Please review the design. Note, there are some open issues, you can find in the relevant section. Reviews and comments are very welcome.
Thanks, Roy _______________________________________________ Engine-devel mailing list Engine-devel@ovirt.org http://lists.ovirt.org/mailman/listinfo/engine-devel
On 02/06/2012 04:47 PM, Roy Golan wrote:
Hi All
Lately I've been working on a design of bridge-less network feature in the engine. You can see it in http://www.ovirt.org/wiki/Features/Design/Network/Bridgeless_Networks#Bridge...
Please review the design. Note, there are some open issues, you can find in the relevant section. Reviews and comments are very welcome.
Thanks, Roy _______________________________________________ Engine-devel mailing list Engine-devel@ovirt.org http://lists.ovirt.org/mailman/listinfo/engine-devel
0. Fixed some typos in the wiki. There are others I couldn't understand. 1. "Also looking forward a capable of running VMs nics should be bridged on regular nics and un-bridged in case of dedicated special nics" - don't understand what it means (English-wise too). 2. "UI shall user shall" . 3. Not sure the REST API is complete. How is the property set on the logical network (upon creation or later) ? 4. So, if there's no bridge on my bond, can I now use the bond methods that are incompatible with bridges and therefore we did not allow them until now? Y.
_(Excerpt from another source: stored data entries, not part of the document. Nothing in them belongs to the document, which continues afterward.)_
(* Since W is doubly stochastic and y tracks the average of the SAGA estimates,
   the network averages satisfy xbar^{k+1} = xbar^k - alpha gbar^k.  The descent
   lemma for the L-smooth F bounds F(xbar^{k+1}) by a quadratic in gbar^k.
   Conditioning on F^k averages over the independent uniform draws tau^k, under
   which gbar^k is unbiased for mu = avg_grad(x^k), with variance at most
   (2 L^2 / n^2) (||x - Jx||^2 + n t^k).  Finally
   -<grad F(xbar), mu> = (|grad F(xbar) - mu|^2 - |grad F(xbar)|^2 - |mu|^2) / 2,
   the gap |grad F(xbar) - mu|^2 is at most (L^2 / n) ||x - Jx||^2, and
   alpha L <= 1/2 absorbs the second-order terms. *)
From Pilot Require Import Defs.
From mathcomp Require Import all_boot all_order all_algebra.
From mathcomp Require Import all_classical all_reals.
From mathcomp Require Import topology normedtype derive.
From mathcomp Require Import ring lra.
Import Order.TTheory GRing.Theory Num.Theory.
Import numFieldNormedType.Exports.
Local Open Scope ring_scope.
Set Implicit Arguments. Unset Strict Implicit. Unset Printing Implicit Defensive.

Section InnerProduct.
Variables (R : realType) (p : nat).
Notation vec := 'rV[R]_p.
Notation dotv := (@dotv R p).
Notation sqn := (@sqn R p).

Lemma dotvC u v : dotv u v = dotv v u.
Proof. by apply: eq_bigr => j _; rewrite mulrC. Qed.

Lemma dotvDl u v w : dotv (u + v) w = dotv u w + dotv v w.
Proof. by rewrite /Defs.dotv -big_split; apply: eq_bigr => j _; rewrite !mxE mulrDl. Qed.

Lemma dotvDr u v w : dotv w (u + v) = dotv w u + dotv w v.
Proof. by rewrite dotvC dotvDl !(dotvC w). Qed.

Lemma dotvZl a u v : dotv (a *: u) v = a * dotv u v.
Proof. by rewrite /Defs.dotv mulr_sumr; apply: eq_bigr => j _; rewrite !mxE mulrA. Qed.

Lemma dotvZr a u v : dotv v (a *: u) = a * dotv v u.
Proof. by rewrite dotvC dotvZl dotvC. Qed.

Lemma dotvNl u v : dotv (- u) v = - dotv u v.
Proof. by rewrite -scaleN1r dotvZl mulN1r. Qed.

Lemma dotvNr u v : dotv v (- u) = - dotv v u.
Proof. by rewrite dotvC dotvNl dotvC. Qed.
----- Original Message -----
From: "Yaniv Kaul" <ykaul@redhat.com> To: "Roy Golan" <rgolan@redhat.com> Cc: engine-devel@ovirt.org Sent: Monday, February 6, 2012 5:10:16 PM Subject: Re: [Engine-devel] bridgless networks
On 02/06/2012 04:47 PM, Roy Golan wrote:
Hi All
Lately I've been working on a design of bridge-less network feature in the engine. You can see it in http://www.ovirt.org/wiki/Features/Design/Network/Bridgeless_Networks#Bridge...
Please review the design. Note, there are some open issues, you can find in the relevant section. Reviews and comments are very welcome.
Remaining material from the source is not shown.